Every semester my students walk into Introduction to Women's Studies gritting their teeth and pissed off at their advisors for convincing them they should take the course. Every semester I am met with the same "I'm not a feminist but…" mantra, complete with all the reasons they are not feminists: they shave their legs, they like men, they do not want to burn their bras. Sad that they believe all the false hype, I know. Consequently, every semester I am looking for new ways to apply feminism to my students' cultural experiences, showing them what feminism [End Page 67] really means and that they may find they too are feminists. No ifs, ands, or buts.
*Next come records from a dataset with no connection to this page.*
(* Let $\mathcal N$ be a normal network on $X$ with $|X|\ge 3$, and let $\mathcal R$ be the set of triples displayed by $\mathcal N$. Let $\{a,b\}\subseteq X$ with $a\neq b$. Then $\{a,b\}$ is a cherry of $\mathcal N$ if and only if the following holds: whenever $xy|z\in\mathcal R$ and $\{a,b\}\subseteq\{x,y,z\}$, we have $\{a,b\}=\{x,y\}$.
   Context: A (rooted binary) phylogenetic network on $X$ is a rooted acyclic digraph without parallel arcs whose root has in-degree $0$ and out-degree $2$, whose out-degree-$0$ vertices (leaves) have in-degree $1$ and form the set $X$, and whose other vertices are tree vertices (in-degree $1$, out-degree $2$) or reticulations (in-degree $2$, out-degree $1$). A reticulation arc $(u,v)$ (arc into a reticulation) is a shortcut if there is another directed path from $u$ to $v$. The network is tree-child if every non-leaf vertex has a child that is a tree vertex or a leaf, and normal if it is tree-child without shortcuts. For a leaf $x$, $p_x$ denotes its parent; $\{a,b\}$ is a cherry if $p_a=p_b$. A triple $xy|z$ is the rooted binary phylogenetic tree on $\{x,y,z\}$ in which $x,y$ share a parent (so $xy|z=yx|z$). The network displays a phylogenetic tree $\mathcal T$ on a subset of $X$ if $\mathcal T$ can be obtained from the network by deleting arcs and vertices and suppressing vertices of in-degree one and out-degree one. *)

From mathcomp Require Import all_boot.
Set Implicit Arguments. Unset Strict Implicit. Unset Printing Implicit Defensive.

(* A directed graph is given by a finite vertex type V and an arc relation
   E : rel V (so there are no parallel arcs by construction). *)
Section Networks.
Variables (V : finType) (E : rel V).

Definition indeg (v : V) : nat := #|[set u | E u v]|.
Definition outdeg (v : V) : nat := #|[set w | E v w]|.

Definition is_root (v : V) : bool := (indeg v == 0) && (outdeg v == 2).
Definition is_leaf (v : V) : bool := (indeg v == 1) && (outdeg v == 0).
Definition is_tree_vertex (v : V) : bool := (indeg v == 1) && (outdeg v == 2).
Definition is_reticulation (v : V) : bool := (indeg v == 2) && (outdeg v == 1).

(* The leaf set X: the out-degree-0 vertices (leaves are identified with
   their labels). *)
Definition leaves : {set V} := [set v | outdeg v == 0].

(* A directed path from u to v with vertex sequence u :: p. *)
Definition dpath (u v : V) (p : seq V) : bool := path E u p && (last u p == v).

Definition acyclic : Prop :=
  forall (v : V) (p : seq V), dpath v v p -> p = [::].

Definition phylo_network : Prop :=
  acyclic /\
  exists r : V, is_root r /\
    forall v : V, v != r ->
      [|| is_leaf v, is_tree_vertex v | is_reticulation v].

Definition tree_child : Prop :=
  forall v : V, ~~ is_leaf v ->
    exists w : V, E v w && (is_tree_vertex w || is_leaf w).

(* The reticulation arc (u,v) is a shortcut if there is another directed
   path from u to v (i.e. one different from the arc itself). *)
Definition shortcut (u v : V) : Prop :=
  [/\ E u v, is_reticulation v &
      exists p : seq V, dpath u v p /\ p != [:: v]].

Definition normal_network : Prop :=
  phylo_network /\ tree_child /\ forall u v : V, ~ shortcut u v.

(* The network displays the triple xy|z: some subgraph (obtained by deleting
   arcs and vertices) is a subdivision of xy|z, i.e. suppressing its
   in-degree-1/out-degree-1 vertices yields xy|z.  Such a subgraph consists
   of a vertex r' (its root), a vertex u (the parent of the cherry x,y), and
   nontrivial directed paths r'->u, r'->z, u->x, u->y that are internally
   vertex-disjoint. *)
Definition displays_triple (x y z : V) : Prop :=
  [/\ x \in leaves, y \in leaves, z \in leaves &
      [/\ x != y, x != z & y != z]] /\
  exists (r' u : V) (p1 p2 p3 p4 : seq V),
    [/\ dpath r' u p1, dpath r' z p2, dpath u x p3 & dpath u y p4] /\
    [/\ p1 != [::], p2 != [::], p3 != [::] & p4 != [::]] /\
    (forall w, w \in r' :: p1 -> w \in r' :: p2 -> w = r') /\
    (forall w, w \in u :: p3 -> w \in u :: p4 -> w = u) /\
    (forall w, w \in r' :: p1 -> w \in u :: p3 -> w = u) /\
    (forall w, w \in r' :: p1 -> w \in u :: p4 -> w = u) /\
    (forall w, w \in r' :: p2 -> w \notin u :: p3) /\
    (forall w, w \in r' :: p2 -> w \notin u :: p4).

Definition cherry (a b : V) : Prop := exists p : V, E p a && E p b.

End Networks.

From mathcomp Require Import all_boot zify.
Set Implicit Arguments. Unset Strict Implicit. Unset Printing Implicit Defensive.

(* If a and b have the common parent p, a displayed triple in which a is the
   outgroup and b is in the cherry would need two internally disjoint paths,
   one to a and one to b, both passing through p.
   Conversely, let p and q be the parents of a and b. If p is a tree vertex
   not above b, its other child leads down to a leaf c, and ac|b is displayed;
   if p is a reticulation with a parent s not above b, a tree child of s leads
   down to a leaf c, and again ac|b is displayed. So when no such triple exists,
   p (or both parents of p) lies above b, and symmetrically for q; in each of
   the four resulting cases acyclicity, the absence of shortcuts and the
   tree-child property force p = q. *)

Lemma other_mem_card2 (T : finType) (A : {set T}) x :
  #|A| = 2 -> exists2 y, y \in A & y != x.
Proof.
move=> A2; have /card_gt0P[y] : 0 < #|A :\ x|.
  by have := cardsD1 x A; rewrite A2; case: (x \in A) => /=; lia.
by rewrite in_setD1 => /andP[yx yA]; exists y.
Qed.

Lemma connect_to_sink (T : finType) (e : rel T) :
  (forall v w, e v w -> ~~ connect e w v) ->
  forall v, exists2 w, connect e v w & forall w', ~~ e w w'.
Proof.
move=> no_back v; have [n] := ubnP #|[set t | connect e v t]|.
elim: n v => // n IHn v; rewrite ltnS => size_v.
have [w vw | no_succ] := pickP (e v); last by exists v => // w; rewrite no_succ.
have desc_w : [set t | connect e w t] \proper [set t | connect e v t].
  apply/properP; split.
    by apply/subsetP => t; rewrite !inE; apply: connect_trans (connect1 vw).
  by exists v; rewrite !inE ?connect0 ?no_back.
have [|u wu u_sink] := IHn w; first exact: leq_trans (proper_card desc_w) size_v.
by exists u => //; exact: connect_trans (connect1 vw) wu.
Qed.

Section Paths.
Variables (V : finType) (E : rel V).

Lemma path_connect_last x s w : path E x s -> w \in x :: s -> connect E w (last x s).
Proof.
move=> xs w_in; case/splitPl: s / w_in xs => s1 s2 <-.
by rewrite cat_path last_cat => /andP[_ s2_path]; apply/connectP; exists s2.
Qed.

Lemma path_pred x s y : path E x s -> y \in s -> exists2 y', y' \in x :: s & E y' y.
Proof.
move=> xs y_in; case/splitPr: y_in xs => s1 s2.
rewrite cat_path /= => /and3P[_ last_y _].
by exists (last x s1) => //; rewrite -cat_cons mem_cat mem_last.
Qed.

Lemma dpath_mem_last u v s : dpath E u v s -> s != [::] -> v \in s.
Proof.
case/andP => _ /eqP <-; case/lastP: s => // s w _.
by rewrite last_rcons mem_rcons mem_head.
Qed.

Lemma connect_last_arc v y : connect E v y -> v != y -> exists2 y', connect E v y' & E y' y.
Proof.
move=> /connectP[p vp ->]; case/lastP: p vp => [|p y']; first by rewrite eqxx.
rewrite rcons_path last_rcons => /andP[vp py'] _.
by exists (last v p) => //; apply/connectP; exists p.
Qed.

Lemma connect_split_paths r0 u z : connect E r0 u -> connect E r0 z ->
  exists r' p1 p2, [/\ dpath E r' u p1, dpath E r' z p2 &
    forall w, w \in r' :: p1 -> w \in r' :: p2 -> w = r'].
Proof.
move=> /connectP[p1 h1 ->] /connectP[p2 h2 ->].
(* Restart both paths from a common vertex until they share none. *)
have [n] := ubnP (size p1 + size p2).
elim: n r0 p1 p2 h1 h2 => // n IHn r0 p1 p2 h1 h2 size_p.
have [/hasP[w w1 w2] | /hasPn p12] := boolP (has (mem p2) p1).
  case/splitPr: w1 h1 size_p => s1 s1'; rewrite cat_path last_cat /= => /and3P[_ _ h1'].
  case/splitPr: w2 h2 => s2 s2'; rewrite cat_path last_cat /= => /and3P[_ _ h2'].
  rewrite !size_cat /= => size_p; apply: (IHn w) => //; lia.
exists r0, p1, p2; split; rewrite /dpath ?h1 ?h2 ?eqxx //.
move=> w; rewrite !inE => /predU1P[-> //|w1] /predU1P[-> //|w2].
by move: (p12 w w1); rewrite inE w2.
Qed.

Lemma arc_tail_nonleaf v w : E v w -> v \notin leaves E.
Proof.
move=> vw; rewrite inE /outdeg cards_eq0; apply/set0Pn.
by exists w; rewrite inE.
Qed.

Lemma leaf_connect x w : x \in leaves E -> connect E x w -> w = x.
Proof.
move=> lx /connectP[[|v p] //= /andP[xv _] _].
by move: lx; rewrite (negbTE (arc_tail_nonleaf xv)).
Qed.

Hypothesis acyc : acyclic E.

Lemma arc_not_connect_back v w : E v w -> ~~ connect E w v.
Proof.
move=> vw; apply/negP => /connectP[p wp wv].
by have := @acyc v (w :: p); rewrite /dpath /= vw wp -wv eqxx => /(_ isT).
Qed.

Lemma connect_antisym x y : connect E x y -> connect E y x -> x = y.
Proof.
move=> /connectP[p xp ->] /connectP[q yq yx].
have := @acyc x (p ++ q); rewrite /dpath cat_path xp yq last_cat -yx eqxx.
by case: p {xp yq yx} => // v p /(_ isT).
Qed.

Lemma connect_leaf v : exists2 c, connect E v c & c \in leaves E.
Proof.
have [c vc c_sink] := connect_to_sink arc_not_connect_back v.
exists c => //; rewrite inE /outdeg cards_eq0; apply/eqP/setP => w.
by rewrite !inE (negbTE (c_sink w)).
Qed.

Lemma displays_triple_of_paths r0 u x y z p3 p4 :
  connect E r0 u -> connect E r0 z -> ~~ connect E u z ->
  dpath E u x p3 -> dpath E u y p4 -> p3 != [::] -> p4 != [::] ->
  (forall w, w \in p3 -> w \notin p4) ->
  x \in leaves E -> y \in leaves E -> z \in leaves E ->
  displays_triple E x y z.
Proof.
move=> r0u r0z uNz d3 d4 n3 n4 p34 lx ly lz.
have [r' [p1 [p2 [d1 d2 p12]]]] := connect_split_paths r0u r0z.
have above_u w : w \in r' :: p1 -> connect E w u.
  by case/andP: d1 => h1 /eqP <-; apply: path_connect_last.
have above_z w : w \in r' :: p2 -> connect E w z.
  by case/andP: d2 => h2 /eqP <-; apply: path_connect_last.
have below3 w : w \in u :: p3 -> connect E u w.
  by case/andP: d3 => h3 _; apply: path_connect.
have below4 w : w \in u :: p4 -> connect E u w.
  by case/andP: d4 => h4 _; apply: path_connect.
have x3 := dpath_mem_last d3 n3; have y4 := dpath_mem_last d4 n4.
split.
  split=> //; split; apply/eqP => e; first by move: (p34 _ x3); rewrite e y4.
    by move: uNz; rewrite -e below3 // inE x3 orbT.
  by move: uNz; rewrite -e below4 // inE y4 orbT.
exists r', u, p1, p2, p3, p4; split=> //; split.
  split=> //; apply/eqP => p_nil.
    by move: d1 uNz; rewrite p_nil /dpath /= => /eqP <-; rewrite above_z ?mem_head.
  move: d2 (above_u r' (mem_head _ _)); rewrite p_nil /dpath /= => /eqP ->.
  by move/(leaf_connect lz) => uz; rewrite uz connect0 in uNz.
split=> //; split.
  move=> w; rewrite !inE => /predU1P[-> //|w3] /predU1P[-> //|w4].
  by move: (p34 _ w3); rewrite w4.
split; first by move=> w w1 w3; apply: connect_antisym (above_u w w1) (below3 w w3).
split; first by move=> w w1 w4; apply: connect_antisym (above_u w w1) (below4 w w4).
split=> w w2; apply: contraNN uNz => w34.
  exact: connect_trans (below3 w w34) (above_z w w2).
exact: connect_trans (below4 w w34) (above_z w w2).
Qed.

End Paths.

Section NormalNetwork.
Variables (V : finType) (E : rel V) (r : V).
Hypothesis acyc : acyclic E.
Hypothesis root_r : is_root E r.
Hypothesis vertex_kinds : forall v, v != r ->
  [|| is_leaf E v, is_tree_vertex E v | is_reticulation E v].
Hypothesis tc : tree_child E.
Hypothesis no_shortcut : forall u v, ~ shortcut E u v.

Lemma outdeg_le2 v : outdeg E v <= 2.
Proof.
have [-> | /vertex_kinds] := eqVneq v r; first by case/andP: root_r => _ /eqP ->.
by case/or3P => /andP[_ /eqP ->].
Qed.

Lemma arc_tail_kind v w : E v w -> outdeg E v = 2 \/ is_reticulation E v.
Proof.
move=> vw; have [-> | /vertex_kinds] := eqVneq v r.
  by left; case/andP: root_r => _ /eqP.
case/or3P => [/andP[_ /eqP v0] | /andP[_ /eqP] | ]; [|by left|by right].
by move: (arc_tail_nonleaf vw); rewrite inE v0.
Qed.

Lemma root_connect v : connect E r v.
Proof.
have rev_no_back w w' : [rel x y | E y x] w w' -> ~~ connect [rel x y | E y x] w' w.
  by rewrite /= connect_rev; apply: arc_not_connect_back.
have [s] := connect_to_sink rev_no_back v; rewrite connect_rev /= => sv s_src.
have [<- // | /vertex_kinds s_kind] := eqVneq s r.
have /card_gt0P[u] : 0 < indeg E s by case/or3P: s_kind => /andP[/eqP -> _].
by rewrite inE => us; move: (s_src u); rewrite us.
Qed.

Lemma leaf_indeg a : a \in leaves E -> indeg E a = 1.
Proof.
rewrite inE => /eqP a0; have /vertex_kinds : a != r.
  by apply/eqP => ar; move: a0; rewrite ar; case/andP: root_r => _ /eqP ->.
by rewrite /is_leaf /is_tree_vertex /is_reticulation a0 /= !andbT !andbF !orbF => /eqP.
Qed.

Lemma leaf_has_parent a : a \in leaves E -> exists p, E p a.
Proof.
move=> la; have /card_gt0P[p] : 0 < indeg E a by rewrite leaf_indeg.
by rewrite inE; exists p.
Qed.

Lemma leaf_parent_uniq a p p' : a \in leaves E -> E p a -> E p' a -> p = p'.
Proof.
move=> la pa p'a; have /card_le1_eqP A1 : indeg E a <= 1 by rewrite leaf_indeg.
by apply: (A1 p' p); rewrite inE.
Qed.

Lemma reticulation_child_uniq p w w' : is_reticulation E p -> E p w -> E p w' -> w = w'.
Proof.
case/andP=> _ /eqP p1 pw pw'; have /card_le1_eqP A1 : outdeg E p <= 1 by rewrite p1.
by apply: (A1 w' w); rewrite inE.
Qed.

Lemma reticulation_neq_indeg1 p t : is_reticulation E p -> indeg E t = 1 -> p != t.
Proof. by case/andP=> /eqP p2 _ t1; apply/eqP => pt; rewrite pt t1 in p2. Qed.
"You're a hardcore feminist, I swear," is both a chapter title as well as the overall message Jessica Valenti, the founder and executive director of the popular website, Feministing, wants to send to her young, hip, unidentifying-as-feminist readers. Her purpose: to override the anti-feminist ideologies and stereotypes that have young women running and screaming from the movement; to convince her readers of the reality of women's lives, not just so they understand that misogyny is still everywhere, but so they recognize that if they agree with Valenti's positions than they may actually be feminists; and if she succeeds in recruiting them, she may just succeed in calling them into action. Full Frontal Feminism: A Young Women's Guide to Why Feminism Matters, is a valuable tool in the liberal and/or feminist classroom.

Valenti's Introduction explores her own personal resistance-narrative. Valenti, too, was a feminist-scared young woman. She, too, used to claim "I'm not a feminist but." From here Valenti identifies the aims of her book, an "invitation to [her] readers to embrace feminism for everything it gives to and does for women" (3). In a similar but reverse effect, the last chapter of Full Frontal Feminism focuses on what readers can now do with the information they have been provided and brings this grabbag of a book full circle.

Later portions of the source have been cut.